Lemma chain_nth al L i : chain al L -> (i < length L)%nat ->
  al <= fst (nth i L (0, 0)) <= snd (nth i L (0, 0)).
Proof.
  revert al i; induction L as [|p L IH]; intros al i HL Hi; simpl in *; [lia|].
  destruct HL as (Hal & Hp & HL). destruct i as [|i]; [lra|].
  destruct (IH _ i HL) as [? ?]; [lia|lra].
Qed.

Lemma chain_nth_ordered al L i j : chain al L -> (i < j)%nat -> (j < length L)%nat ->
  snd (nth i L (0, 0)) <= fst (nth j L (0, 0)).
Proof.
  revert al i j; induction L as [|p L IH]; intros al i j HL Hij Hj; simpl in *; [lia|].
  destruct HL as (Hal & Hp & HL). destruct j as [|j]; [lia|]. destruct i as [|i].
  - apply (chain_nth _ _ j HL); lia.
  - apply (IH _ i j HL); lia.
Qed.

Lemma lsum_len_chain al be L :
  chain al L -> Forall (fun p => snd p <= be) L -> al <= be -> lsum len L <= be - al.
Proof.
  revert al; induction L as [|p L IH]; intros al HL HF Hab; simpl in *; [lra|].
  destruct HL as (Hal & Hp & HL). inversion HF; subst.
  assert (lsum len L <= be - snd p) by auto. unfold len at 1. lra.
Qed.

Definition inside (lo hi : R) (p : R * R) : bool :=
  if Rlt_dec lo (fst p) then if Rlt_dec (snd p) hi then true else false else false.

Lemma inside_spec lo hi p : inside lo hi p = true <-> lo < fst p /\ snd p < hi.
Proof.
  unfold inside; destruct (Rlt_dec lo (fst p)), (Rlt_dec (snd p) hi);
    split; intros H; try discriminate; tauto.
Qed.

(* Each cover interval contains a chain of total length at most its own. *)
Lemma lsum_len_le_cover (A B : nat -> R) K al L :
  (forall k, A k <= B k) -> chain al L -> covered_by A B K L ->
  lsum len L <= rsum K (fun k => B k - A k).
Proof.
  intros HAB. revert L; induction K as [|K IH]; intros L HL Hcov.
  - destruct L as [|p L]; [simpl; lra|].
    destruct (Hcov p (in_eq p L)) as (k & Hk & _); lia.
  - rewrite (lsum_filter len (inside (A K) (B K)) L); simpl rsum.
    assert (lsum len (filter (inside (A K) (B K)) L) <= B K - A K).
    { pose proof (HAB K).
      apply lsum_len_chain; [|apply Forall_forall|lra].
      - apply chain_lower with al; [now apply chain_filter|].
        intros p Hp. apply filter_In, proj2, inside_spec in Hp. lra.
      - intros p Hp. apply filter_In, proj2, inside_spec in Hp. lra. }
    enough (lsum len (filter (fun p => negb (inside (A K) (B K) p)) L)
              <= rsum K (fun k => B k - A k)) by lra.
    apply IH; [now apply chain_filter|].
    intros p Hp. apply filter_In in Hp as [Hp Hout].
    destruct (Hcov p Hp) as (k & Hk & Hin). exists k; split; [|exact Hin].
    destruct (Nat.eq_dec k K) as [->|]; [|lia].
    apply Bool.negb_true_iff, Bool.not_true_iff_false in Hout.
    exfalso; apply Hout, inside_spec, Hin.
Qed.

Lemma ac_on_lsum f a b : ac_on f a b -> forall eps, 0 < eps -> exists delta, 0 < delta /\
  forall L, chain a L -> Forall (fun p => snd p <= b) L -> lsum len L < delta ->
  lsum (jump f) L < eps.
Proof.
  intros Hac eps Heps. destruct (Hac eps Heps) as (delta & Hdelta & H).
  exists delta; split; [exact Hdelta|]. intros L HL HF Hlen.
  rewrite <- (rsum_nth_lsum _ L (0, 0)). apply H.
  - intros i Hi. destruct (chain_nth a L i HL Hi).
    rewrite Forall_forall in HF. pose proof (HF _ (nth_In L (0, 0) Hi)). lra.
  - intros i j Hij Hj. apply (chain_nth_ordered a L); auto.
  - now rewrite <- (rsum_nth_lsum len L (0, 0)) in Hlen.
Qed.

### TRY IT
Write out the line containing "- intros p Hp." and every line after it through the end of the entries. Keep each one exactly as it is, and add nothing.

### TASK ANSWER
      - intros p Hp. apply filter_In, proj2, inside_spec in Hp. lra. }
    enough (lsum len (filter (fun p => negb (inside (A K) (B K) p)) L)
              <= rsum K (fun k => B k - A k)) by lra.
    apply IH; [now apply chain_filter|].
    intros p Hp. apply filter_In in Hp as [Hp Hout].
    destruct (Hcov p Hp) as (k & Hk & Hin). exists k; split; [|exact Hin].
    destruct (Nat.eq_dec k K) as [->|]; [|lia].
    apply Bool.negb_true_iff, Bool.not_true_iff_false in Hout.
    exfalso; apply Hout, inside_spec, Hin.
Qed.

Lemma ac_on_lsum f a b : ac_on f a b -> forall eps, 0 < eps -> exists delta, 0 < delta /\
  forall L, chain a L -> Forall (fun p => snd p <= b) L -> lsum len L < delta ->
  lsum (jump f) L < eps.
Proof.
  intros Hac eps Heps. destruct (Hac eps Heps) as (delta & Hdelta & H).
  exists delta; split; [exact Hdelta|]. intros L HL HF Hlen.
  rewrite <- (rsum_nth_lsum _ L (0, 0)). apply H.
  - intros i Hi. destruct (chain_nth a L i HL Hi).
    rewrite Forall_forall in HF. pose proof (HF _ (nth_In L (0, 0) Hi)). lra.
  - intros i j Hij Hj. apply (chain_nth_ordered a L); auto.
  - now rewrite <- (rsum_nth_lsum len L (0, 0)) in Hlen.
Qed.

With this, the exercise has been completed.